US scientists unveiled Sunday a new method of fighting viral replication in AIDS, which they believe could help combat the deadly disease.

The new approach involves inserting small molecules between protein segments, preventing them from forming an enzyme used by the AIDS virus to reproduce and spread, chemist Jean Chmielewski of Purdue University told the American Chemical Society.

The method blocks the interaction of two identical proteins that make up the HIV protease, one of three essential enzymes used by the AIDS virus to replicate.

"At this stage, we've been able to synthesize some fairly potent small-molecule inhibitors of HIV protease, which, in fact, block the ability of this enzyme to come together," said Chmielewski. "That, in turn, blocks its biological activity."

The method is being tested at the National Institutes of Health on HIV-infected cells.

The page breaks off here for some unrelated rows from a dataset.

(* Let $(A,\mu_A,\alpha_A)$ and $(B,\mu_B,\alpha_B)$ be Hom-associative algebras and $R:B\otimes A\to A\otimes B$ a Hom-twisting map, written $R(b\otimes a)=a_R\otimes b_R$. Define $T:(A\otimes B)\otimes(A\otimes B)\to(A\otimes B)\otimes(A\otimes B)$ by $T((a\otimes b)\otimes(a'\otimes b'))=(a\otimes b_R)\otimes(a'_R\otimes b')$. Then $T$ is a Hom-twistor for the tensor product Hom-associative algebra $(A\otimes B,\mu_{A\otimes B},\alpha_A\otimes\alpha_B)$. Consequently $A\otimes_R B:=(A\otimes B)^T$, with multiplication $(a\otimes b)(a'\otimes b')=aa'_R\otimes b_Rb'$ and structure map $\alpha_A\otimes\alpha_B$, is a Hom-associative algebra.
   Context: Algebras over a field $k$, not assumed unital. A Hom-associative algebra is $(A,\mu,\alpha)$ with $\mu(a\otimes a')=aa'$, $\alpha(aa')=\alpha(a)\alpha(a')$, $\alpha(a)(a'a'')=(aa')\alpha(a'')$. The tensor product of Hom-associative algebras $A,B$ is $A\otimes B$ with $(a\otimes b)(a'\otimes b')=aa'\otimes bb'$ and structure map $\alpha_A\otimes\alpha_B$. A Hom-twisting map between $A$ and $B$ is a linear $R:B\otimes A\to A\otimes B$ with $(\alpha_A\otimes\alpha_B)\circ R=R\circ(\alpha_B\otimes\alpha_A)$, $R\circ(\alpha_B\otimes\mu_A)=(\mu_A\otimes\alpha_B)\circ(\mathrm{id}_A\otimes R)\circ(R\otimes\mathrm{id}_A)$, $R\circ(\mu_B\otimes\alpha_A)=(\alpha_A\otimes\mu_B)\circ(R\otimes\mathrm{id}_B)\circ(\mathrm{id}_B\otimes R)$. For a Hom-associative algebra $(D,\mu,\alpha)$ and linear $T:D\otimes D\to D\otimes D$ written $T(d\otimes d')=d^T\otimes d'_T$, let $T_{12}=T\otimes\mathrm{id}$, $T_{23}=\mathrm{id}\otimes T$, $T_{13}(d\otimes d'\otimes d'')=d^T\otimes d'\otimes d''_T$; $T$ is a Hom-twistor if $(\alpha\otimes\alpha)\circ T=T\circ(\alpha\otimes\alpha)$, $T\circ(\alpha\otimes\mu)=(\alpha\otimes\mu)\circ T_{13}\circ T_{12}$, $T\circ(\mu\otimes\alpha)=(\mu\otimes\alpha)\circ T_{13}\circ T_{23}$, $T_{12}\circ T_{23}=T_{23}\circ T_{12}$; and $D^T$ denotes $(D,\mu\circ T,\alpha)$. *)

From HB Require Import structures.
From Stdlib Require Import ClassicalEpsilon.
From mathcomp Require Import all_boot all_order all_algebra.
From mathcomp Require Import finmap.
From mathcomp Require Import monalg.

Set Implicit Arguments.
Unset Strict Implicit.
Unset Printing Implicit Defensive.

Import GRing.Theory.
Local Open Scope ring_scope.
Local Open Scope quotient_scope.

(* Tensor product U (x) V of two vector spaces over a field K, constructed   *)
(* as the free K-module on U * V modulo the subspace spanned by the         *)
(* bilinearity relations.                                                   *)

Section Tensor.
Variables (K : fieldType) (U V : lmodType K).

Definition tfree := {malg K[(U * V)%type]}.

Definition tgen (u : U) (v : V) : tfree := mkmalgU (u, v) 1.

Inductive tensor_rel : tfree -> Prop :=
  | trel0 : tensor_rel 0
  | trelD x y : tensor_rel x -> tensor_rel y -> tensor_rel (x + y)
  | trelZ (a : K) x : tensor_rel x -> tensor_rel (a *: x)
  | trelDl u1 u2 v : tensor_rel (tgen (u1 + u2) v - tgen u1 v - tgen u2 v)
  | trelDr u v1 v2 : tensor_rel (tgen u (v1 + v2) - tgen u v1 - tgen u v2)
  | trelZl (a : K) u v : tensor_rel (tgen (a *: u) v - a *: tgen u v)
  | trelZr (a : K) u v : tensor_rel (tgen u (a *: v) - a *: tgen u v).

Definition tensor_relb (x : tfree) : bool :=
  if excluded_middle_informative (tensor_rel x) then true else false.

Lemma tensor_relbP x : reflect (tensor_rel x) (tensor_relb x).
Proof.
rewrite /tensor_relb; case: excluded_middle_informative => h.
  by constructor.
by constructor.
Qed.

Definition tensor_pred : {pred tfree} := tensor_relb.

Lemma tensor_pred_zmod : zmod_closed tensor_pred.
Proof.
split.
  by apply/tensor_relbP; exact: trel0.
move=> x y /tensor_relbP hx /tensor_relbP hy; apply/tensor_relbP.
apply: trelD => //; rewrite -scaleN1r; exact: trelZ.
Qed.

HB.instance Definition _ := GRing.isZmodClosed.Build tfree tensor_pred
  tensor_pred_zmod.

Import Quotient.

Definition tensor := {quot tensor_pred}.
HB.instance Definition _ := GRing.Zmodule.on tensor.
HB.instance Definition _ := Choice.on tensor.
HB.instance Definition _ : EqQuotient tfree (equiv tensor_pred) tensor :=
  EqQuotient.on tensor.

Definition tscale (a : K) : tensor -> tensor :=
  lift_op1 tensor (fun x => a *: x).

Lemma pi_tscale a : {morph \pi_tensor : x / a *: x >-> tscale a x}.
Proof.
move=> x; rewrite /tscale; unlock; apply/eqP; rewrite piE equivE.
rewrite -scalerBr; apply/tensor_relbP; apply: trelZ; apply/tensor_relbP.
have := (idealrBE tensor_pred x (repr (\pi_tensor x))).
rewrite reprK eqxx; exact.
Qed.
Canonical pi_tscale_morph a := PiMorph1 (pi_tscale a).

Lemma tscaleA a b v : tscale a (tscale b v) = tscale (a * b) v.
Proof. by rewrite -[v]reprK !piE scalerA. Qed.

Lemma tscale1 : left_id 1 tscale.
Proof. by move=> v; rewrite -[v]reprK !piE scale1r. Qed.

Lemma tscaleDr : right_distributive tscale +%R.
Proof.
by move=> a u v; rewrite -[u]reprK -[v]reprK !piE scalerDr.
Qed.

Lemma tscaleDl v : {morph tscale^~ v : a b / a + b}.
Proof. by move=> a b; rewrite -[v]reprK !piE scalerDl. Qed.

HB.instance Definition _ :=
  GRing.Zmodule_isLmodule.Build K tensor tscaleA tscale1 tscaleDr tscaleDl.

Definition tens (u : U) (v : V) : tensor := \pi_tensor (tgen u v).

(* For f : U -> V -> W, [tlift f] is the map U (x) V -> W sending         *)
(* u (x) v to f u v (well defined, and linear, as soon as f is bilinear).  *)
Definition tlift (W : lmodType K) (f : U -> V -> W) (t : tensor) : W :=
  let x := repr t in \sum_(p <- msupp x) x@_p *: f p.1 p.2.

End Tensor.

Arguments tens {K U V}.
Arguments tlift {K U V W}.

Definition tmap (K : fieldType) (U V U' V' : lmodType K)
    (f : U -> U') (g : V -> V') : tensor U V -> tensor U' V' :=
  tlift (fun u v => tens (f u) (g v)).

Definition tassoc (K : fieldType) (U V W : lmodType K) :
    tensor (tensor U V) W -> tensor U (tensor V W) :=
  tlift (fun x w => tlift (fun u v => tens u (tens v w)) x).

Definition tassocV (K : fieldType) (U V W : lmodType K) :
    tensor U (tensor V W) -> tensor (tensor U V) W :=
  tlift (fun u y => tlift (fun v w => tens (tens u v) w) y).

(* mu : A (x) A -> A is given as the bilinear map (a, a') |-> a a'; as a     *)
(* linear map on A (x) A it is [tlift mul].                                  *)

Definition bilinear_map (K : fieldType) (U V W : lmodType K)
    (f : U -> V -> W) : Prop :=
  (forall v, linear (fun u => f u v)) /\ (forall u, linear (f u)).

Definition hom_assoc (K : fieldType) (A : lmodType K)
    (mul : A -> A -> A) (alpha : A -> A) : Prop :=
  [/\ bilinear_map mul, linear alpha,
      (forall a a', alpha (mul a a') = mul (alpha a) (alpha a')) &
      (forall a a' a'', mul (alpha a) (mul a' a'') = mul (mul a a') (alpha a''))].

(* bracketed to the left; associativity isomorphisms are inserted where the *)
(* maps id (x) R etc. require it.                                           *)
Definition hom_twisting (K : fieldType) (A B : lmodType K)
    (mulA : A -> A -> A) (alphaA : A -> A)
    (mulB : B -> B -> B) (alphaB : B -> B)
    (R : tensor B A -> tensor A B) : Prop :=
  [/\ linear R,
      (forall t, tmap alphaA alphaB (R t) = R (tmap alphaB alphaA t)),
      (forall t : tensor (tensor B A) A,
         R (tmap alphaB (tlift mulA) (tassoc t))
         = tmap (tlift mulA) alphaB
             (tassocV (tmap id R (tassoc (tmap R id t))))) &
      (forall t : tensor (tensor B B) A,
         R (tmap (tlift mulB) alphaA t)
         = tmap alphaA (tlift mulB)
             (tassoc (tmap R id (tassocV (tmap id R (tassoc t))))))].

Definition T12 (K : fieldType) (D : lmodType K)
    (T : tensor D D -> tensor D D) : tensor (tensor D D) D -> tensor (tensor D D) D :=
  tmap T id.

Definition T23 (K : fieldType) (D : lmodType K)
    (T : tensor D D -> tensor D D) : tensor (tensor D D) D -> tensor (tensor D D) D :=
  fun t => tassocV (tmap id T (tassoc t)).

Definition S23 (K : fieldType) (D : lmodType K) :
    tensor (tensor D D) D -> tensor (tensor D D) D :=
  tlift (fun x d'' => tlift (fun d d' => tens (tens d d'') d') x).

(* T_13 (d (x) d' (x) d'') = d^T (x) d' (x) d''_T *)
Definition T13 (K : fieldType) (D : lmodType K)
    (T : tensor D D -> tensor D D) : tensor (tensor D D) D -> tensor (tensor D D) D :=
  fun t => S23 (T12 T (S23 t)).

Definition hom_twistor (K : fieldType) (D : lmodType K)
    (mul : D -> D -> D) (alpha : D -> D)
    (T : tensor D D -> tensor D D) : Prop :=
  [/\ linear T,
      (forall t, tmap alpha alpha (T t) = T (tmap alpha alpha t)),
      (forall t : tensor (tensor D D) D,
         T (tmap alpha (tlift mul) (tassoc t))
         = tmap alpha (tlift mul) (tassoc (T13 T (T12 T t)))),
      (forall t : tensor (tensor D D) D,
         T (tmap (tlift mul) alpha t)
         = tmap (tlift mul) alpha (T13 T (T23 T t))) &
      (forall t : tensor (tensor D D) D, T12 T (T23 T t) = T23 T (T12 T t))].

Definition twisted_mul (K : fieldType) (D : lmodType K)
    (mul : D -> D -> D) (T : tensor D D -> tensor D D) : D -> D -> D :=
  fun x y => tlift mul (T (tens x y)).

Definition tensor_mul (K : fieldType) (A B : lmodType K)
    (mulA : A -> A -> A) (mulB : B -> B -> B) :
    tensor A B -> tensor A B -> tensor A B :=
  fun x y => tlift (fun a b => tlift (fun a' b' => tens (mulA a a') (mulB b b')) y) x.

(* T((a (x) b) (x) (a' (x) b')) = (a (x) b_R) (x) (a'_R (x) b'),            *)
(* where R(b (x) a') = a'_R (x) b_R.                                        *)
Definition twistor_of (K : fieldType) (A B : lmodType K)
    (R : tensor B A -> tensor A B) :
    tensor (tensor A B) (tensor A B) -> tensor (tensor A B) (tensor A B) :=
  tlift (fun x y =>
    tlift (fun a b =>
      tlift (fun a' b' =>
        tlift (fun a'' b'' => tens (tens a b'') (tens a'' b')) (R (tens b a')))
      y) x).

(* Every map in sight is multilinear, so identities between such maps only need to be
   checked on pure tensors, where they are given by explicit formulas: [tlift f] sends
   [u (x) v] to [f u v] as soon as [f] is bilinear, because [f] extended linearly to the
   free module kills the bilinearity relations.  On pure tensors
   [(a1 (x) b1) (x) (a2 (x) b2) (x) (a3 (x) b3)], and after expanding the values
   [R (b (x) a)] as sums of pure tensors, the alpha-compatibility and the two
   multiplicativity axioms of the twistor [T] become exactly the alpha-compatibility and
   the two axioms of the Hom-twisting map [R], while [T12] and [T23] commute because they
   let [R] act on disjoint pairs of factors.  Finally, for any Hom-twistor [T] of a
   Hom-associative algebra [D], the twistor axioms rewrite both sides of
   [alpha x (y z) = (x y) alpha z] in [D^T] to the same expression in [D]. *)

From mathcomp Require Import all_boot all_order all_algebra.
From mathcomp Require Import finmap monalg.

Set Implicit Arguments.
Unset Strict Implicit.
Unset Printing Implicit Defensive.

Import GRing.Theory.
Local Open Scope fset_scope.
Local Open Scope ring_scope.
Local Open Scope quotient_scope.

Section LinearMaps.
Variables (K : fieldType) (X Y Z : lmodType K).

Section OneMap.
Variables (g : X -> Y) (g_lin : linear g).

Lemma lin0 : g 0 = 0.
Proof.
have := g_lin 1 0 0; rewrite !scale1r !addr0 => g0E.
by apply: (addrI (g 0)); rewrite -g0E addr0.
Qed.

Lemma linD x y : g (x + y) = g x + g y.
Proof. by have := g_lin 1 x y; rewrite !scale1r. Qed.

Lemma linZ a x : g (a *: x) = a *: g x.
Proof. by have := g_lin a x 0; rewrite !addr0 lin0 addr0. Qed.

Lemma linB x y : g (x - y) = g x - g y.
Proof. by rewrite linD -scaleN1r linZ scaleN1r. Qed.

Lemma lin_sum I (r : seq I) (F : I -> X) :
  g (\sum_(i <- r) F i) = \sum_(i <- r) g (F i).
Proof. by elim: r => [|i r IHr]; rewrite ?big_nil ?lin0 // !big_cons linD IHr. Qed.

End OneMap.

Lemma lin_comp (f : Y -> Z) (g : X -> Y) :
  linear f -> linear g -> linear (fun x => f (g x)).
Proof. by move=> f_lin g_lin a x y; rewrite g_lin f_lin. Qed.

Lemma lin_id : linear (fun x : X => x).
Proof. by []. Qed.

End LinearMaps.

Section UniversalProperty.
Variables (K : fieldType) (U V W : lmodType K).
Implicit Types (f : U -> V -> W) (x : tfree U V).
Import Quotient.

Definition free_lift f x : W := \sum_(p <- msupp x) x@_p *: f p.1 p.2.

Lemma free_lift_fsub f {x} {S : {fset U * V}} : msupp x `<=` S ->
  free_lift f x = \sum_(p <- S) x@_p *: f p.1 p.2.
Proof.
move=> suppS; apply: big_fset_incl => // p _ /mcoeff_outdom ->.
by rewrite scale0r.
Qed.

Other treatments using a similar approach -- inhibiting HIV protease -- have been approved, but the virus can mutate easily and become resistant to those drugs, according to Chmielewski.

She said her new approach targets a part of the virus where mutation is less likely to occur.

"This might be a way to get in the back door and eliminate or reduce the problem of mutations and the possibility of drug resistance."

In 1999, an estimated 34.3 million people -- the vast majority of them in developing countries -- were infected with HIV, which causes AIDS. Some 24.5 million of those infected live in sub-Saharan Africa.